_What is required_
Starting at the line with "rewrite <- (RInt_plus" and going on through the line with "(* For $c>0$", reproduce each line in the records below exactly and nothing more.

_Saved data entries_
Segment Open
Definition never_synced L T : lang := fun w =>
  exists m, [/\ L m /\ T m, sem m = sem w & unsynced_before T w m (size w).+1].

Definition synced_at T w n :=
  exists2 w', T w' /\ sem w' = sem w & n <= size w /\ regfs_residual T (take n w').

(* A word of [T] whose residuals reach Reg_FS at the earliest position among all words with
   the same semantics lies in [minsync]. *)
Lemma allsyncE S T w : allsync S T w <->
  T w /\ (sync_ahead (minsync S T) T false w \/ never_synced (minsync S T) T w).
Proof.
split=> [[Tw semS]|[Tw synced]]; last first.
  by split=> //; case: synced => -[m [[[_ [semS _]] _] sem_mw _]]; rewrite -sem_mw.
split=> //.
case: (pselect (exists n, synced_at T w n)) => [[n Pn]|noP].
  have [k [[m [Tm sem_mw] [le_k reg_m]] min_k]] := ex_minn_prop Pn.
  have Mm : minsync S T m.
    split=> //; split; first by rewrite sem_mw.
    move=> w' Tw' sem_w' i le_i reg_w'; apply: regfs_residual_take reg_m.
    by apply: min_k; exists w'; [rewrite sem_w' | rewrite -(sem_size sem_mw)].
  left; exists m; split=> //; exists k => //; split=> // i lt_ik.
  have nP : ~ synced_at T w i by move=> /min_k; rewrite leqNgt lt_ik.
  by split=> reg_i; apply: nP; [exists w | exists m]; rewrite // (leq_trans (ltnW lt_ik)).
have nreg x : T x -> sem x = sem w -> forall i, i <= size w -> ~ regfs_residual T (take i x).
  by move=> Tx sem_x i le_i reg_x; apply: noP; exists i, x.
right; exists w; split=> //; last by move=> i /nreg nreg_i; split; apply: nreg_i.
do 3!split=> //; move=> w' Tw' sem_w' i le_i reg_w'.
by case: (nreg w' Tw' sem_w' i le_i).
Qed.
Lemma Gw_S (w : R -> R) (j : nat) (t : R) : continuous_pos w -> t < 1 ->
  Gw w (S j) t = Gw (fun u => w u * u ^ 2) j t + (1 - t ^ 2) * Gw w j t.
Proof.
  intros Hw Ht. unfold Gw.
  rewrite <- (RInt_scal (V := R_CompleteNormedModule)) by (apply ex_RInt_Gw_integrand; auto; lra).
  rewrite <- (RInt_plus (V := R_CompleteNormedModule)).
  - apply RInt_ext. intros x _. unfold plus, scal; simpl. unfold mult; simpl. ring.
  - exact (ex_RInt_Gw_integrand (fun u => w u * u ^ 2) j t (1 - t) 1
             (continuous_pos_mul_sqr w Hw) ltac:(lra) ltac:(lra)).
  - apply (ex_RInt_scal (V := R_CompleteNormedModule)), ex_RInt_Gw_integrand; auto; lra.
Qed.

Lemma is_derive_Gw_O (w : R -> R) (t : R) : continuous_pos w -> 0 < t < 1 ->
  is_derive (Gw w 0) t (w (1 - t)).
Proof.
  intros Hw Ht. unfold Gw.
  set (g := fun u => w u * (u ^ 2 + 1 - t ^ 2) ^ 0).
  change (is_derive (fun y => RInt g (1 - y) 1) t (w (1 - t))).
  replace (w (1 - t)) with (scal (-1) (opp (g (1 - t))))
    by (unfold g, scal, opp; simpl; unfold mult; simpl; ring).
  apply (is_derive_comp (fun a => RInt g a 1) (fun y => 1 - y)).
  - apply (is_derive_RInt' g (fun a => RInt g a 1) (1 - t) 1).
    + apply (filter_imp (fun a => 0 < a)); [|apply (open_gt 0); lra].
      intros a Ha. apply (RInt_correct (V := R_CompleteNormedModule)).
      apply ex_RInt_Gw_integrand; auto; lra.
    + apply continuous_Gw_integrand; auto; lra.
  - auto_derive; [exact I | ring].
Qed.
(* For $c>0$ let $\mathfrak{C}_c$ be the catenoid of parameter $c$ described in the context and let $\Gamma_c=\mathfrak{C}_c\cap\{x_3=0\}$. Then, as $c\to+\infty$, $\Gamma_c$ converges uniformly to the origin, i.e. $\sup_{(x_1,x_2,0)\in\Gamma_c}\sqrt{x_1^2+x_2^2}\to0$.
   Context: $\widetilde{E(2)}$ is $\mathbb{R}^3$ with coordinates $(x_1,x_2,x_3)$ and group law $(a_1,b_1,c_1)*(a_2,b_2,c_2)=(a_1+a_2\cos c_1-b_2\sin c_1,\ b_1+a_2\sin c_1+b_2\cos c_1,\ c_1+c_2)$, with the left-invariant metric $\lambda_1^2(\cos x_3\,dx_1+\sin x_3\,dx_2)^2+\lambda_2^2(-\sin x_3\,dx_1+\cos x_3\,dx_2)^2+\frac{1}{\lambda_1^2\lambda_2^2}dx_3^2$, where either $\lambda_1>\lambda_2>0$ or $\lambda_1=\lambda_2=1$. For $c>0$: $\theta_c^+=\pi$ if $c>\sqrt2\lambda_1$, $\theta_c^+=\arccos(1-c^2/\lambda_1^2)$ if $0<c\le\sqrt2\lambda_1$; $\Omega=\{(c,\theta):c>0,\ |\theta|<\theta_c^+\}$. For $(c,\theta)\in\Omega$: $D=\sin\theta/c$; $\varphi$ is the global solution of $\varphi'(u)=\sqrt{c^2+2\cos\theta\,B(u)-D^2B(u)^2}$, $\varphi(0)=0$, with $B(u)=\lambda_1^2\cos^2\varphi(u)+\lambda_2^2\sin^2\varphi(u)$; $U>0$ is the unique number with $\varphi(U)=\pi$; $f$ solves $f'=DB$, $f(0)=0$; $G(u)=\int_0^u\frac{c-\varphi'(s)}{B(s)}ds$; $H(c,\theta)=Df(U)+cG(U)$; $\widetilde{\theta_c}$ is the unique $\theta\in(0,\pi/2)\cap(0,\theta_c^+)$ with $H(c,\theta)=0$. The catenoid $\mathfrak{C}_c$ is the image of $X=(x_1,x_2,x_3):\mathbb{C}\to\widetilde{E(2)}$ built with $\theta=\widetilde{\theta_c}$: $x_3(u+iv)=-\lambda_1\lambda_2Dv+\lambda_1\lambda_2G(u)$; with $A=f(u)+cv$, $M_1=c\cos x_3\cosh A-\lambda_1\lambda_2D\sin x_3\sinh A$, $M_2=c\cos x_3\sinh A-\lambda_1\lambda_2D\sin x_3\cosh A$, $M_3=c\sin x_3\sinh A+\lambda_1\lambda_2D\cos x_3\cosh A$, $M_4=c\sin x_3\cosh A+\lambda_1\lambda_2D\cos x_3\sinh A$, $x_1=-\frac{1}{(c^2+\lambda_1^2\lambda_2^2D^2)B}[\frac{1}{\lambda_1}f'\cos\varphi\,M_1-\frac{1}{\lambda_1}(c-\varphi')\sin\varphi\,M_2-\frac{1}{\lambda_2}(c-\varphi')\cos\varphi\,M_3-\frac{1}{\lambda_2}f'\sin\varphi\,M_4]$, $x_2=-\frac{1}{(c^2+\lambda_1^2\lambda_2^2D^2)B}[\frac{1}{\lambda_1}f'\cos\varphi\,M_4-\frac{1}{\lambda_1}(c-\varphi')\sin\varphi\,M_3+\frac{1}{\lambda_2}(c-\varphi')\cos\varphi\,M_2+\frac{1}{\lambda_2}f'\sin\varphi\,M_1]$ (functions of $u$ evaluated at $u$). *)

From Stdlib Require Import Reals ClassicalEpsilon.
From Coquelicot Require Import Coquelicot.
Open Scope R_scope.

Definition theta_plus (l1 c : R) : R :=
  if Rlt_dec (sqrt 2 * l1) c then PI else acos (1 - c ^ 2 / l1 ^ 2).

Definition Dc (c th : R) : R := sin th / c.

Definition Bof (l1 l2 : R) (phi : R -> R) (u : R) : R :=
  l1 ^ 2 * (cos (phi u)) ^ 2 + l2 ^ 2 * (sin (phi u)) ^ 2.

Definition phi_rhs (l1 l2 c th : R) (phi : R -> R) (u : R) : R :=
  sqrt (c ^ 2 + 2 * cos th * Bof l1 l2 phi u - (Dc c th) ^ 2 * (Bof l1 l2 phi u) ^ 2).

Definition is_phi_sol (l1 l2 c th : R) (phi : R -> R) : Prop :=
  phi 0 = 0 /\ forall u, is_derive phi u (phi_rhs l1 l2 c th phi u).
Lemma envelope_saddle :
  (exists j, b j <= 0) ->
  exists lam, [/\ 0 <= lam, exists2 i, active a b lam i & b i <= 0
            & lam = 0 \/ exists2 k, active a b lam k & 0 <= b k].
Proof.
move=> [i0 bi0_le0].
have [/existsP[j bj_ge0]|no_nonneg] := boolP [exists k, 0 <= b k]; last first.
  exists 0; split=> //; last by left.
  exists (bottom i0 a b 0); first exact: active_bottom.
  by move/existsPn/(_ (bottom i0 a b 0)): no_nonneg; rewrite -ltNge => /ltW.
(* The envelope breaks only at crossings, so maximise it over the crossings clipped at 0. *)
pose cand (p : T * T) := Num.max 0 (crossing a b p.1 p.2).
set lam := cand [arg max_(p > (i0, i0)) envelope i0 a b (cand p)]%O.
have lam_max q : envelope i0 a b (cand q) <= envelope i0 a b lam.
  by rewrite /lam; case: arg_maxP => // p _; apply.
have lam_ge0 : 0 <= lam by rewrite le_max lexx.
exists lam; split=> //.
  apply: (envelope_max_slope_le0 (i0 := i0)) => [|i k bki lt_cross]; first by exists i0.
  exists (cand (i, k)); last exact: lam_max.
  by rewrite /cand max_r ?lt_cross ?lexx // (le_trans lam_ge0 (ltW lt_cross)).
move: lam_ge0; rewrite le_eqVlt => /orP[/eqP <-|lam_gt0]; [by left | right].
apply: (envelope_max_slope_ge0 (i0 := i0)) => [|i k bik cross_lt]; first by exists j.
exists (cand (i, k)); last exact: lam_max.
by rewrite /cand le_max lexx orbT gt_max lam_gt0 cross_lt.
Qed.

End Saddle.

Section Hypergraph.
Variables (R : realType) (V : finType) (E : {set {set V}}) (w : {set V} -> R).
Hypothesis w_ge0 : forall e, e \in E -> 0 <= w e.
Segment Closed
_Task output_
  rewrite <- (RInt_plus (V := R_CompleteNormedModule)).
  - apply RInt_ext. intros x _. unfold plus, scal; simpl. unfold mult; simpl. ring.
  - exact (ex_RInt_Gw_integrand (fun u => w u * u ^ 2) j t (1 - t) 1
             (continuous_pos_mul_sqr w Hw) ltac:(lra) ltac:(lra)).
  - apply (ex_RInt_scal (V := R_CompleteNormedModule)), ex_RInt_Gw_integrand; auto; lra.
Qed.

Lemma is_derive_Gw_O (w : R -> R) (t : R) : continuous_pos w -> 0 < t < 1 ->
  is_derive (Gw w 0) t (w (1 - t)).
Proof.
  intros Hw Ht. unfold Gw.
  set (g := fun u => w u * (u ^ 2 + 1 - t ^ 2) ^ 0).
  change (is_derive (fun y => RInt g (1 - y) 1) t (w (1 - t))).
  replace (w (1 - t)) with (scal (-1) (opp (g (1 - t))))
    by (unfold g, scal, opp; simpl; unfold mult; simpl; ring).
  apply (is_derive_comp (fun a => RInt g a 1) (fun y => 1 - y)).
  - apply (is_derive_RInt' g (fun a => RInt g a 1) (1 - t) 1).
    + apply (filter_imp (fun a => 0 < a)); [|apply (open_gt 0); lra].
      intros a Ha. apply (RInt_correct (V := R_CompleteNormedModule)).
      apply ex_RInt_Gw_integrand; auto; lra.
    + apply continuous_Gw_integrand; auto; lra.
  - auto_derive; [exact I | ring].
Qed.
(* For $c>0$ let $\mathfrak{C}_c$ be the catenoid of parameter $c$ described in the context and let $\Gamma_c=\mathfrak{C}_c\cap\{x_3=0\}$. Then, as $c\to+\infty$, $\Gamma_c$ converges uniformly to the origin, i.e. $\sup_{(x_1,x_2,0)\in\Gamma_c}\sqrt{x_1^2+x_2^2}\to0$.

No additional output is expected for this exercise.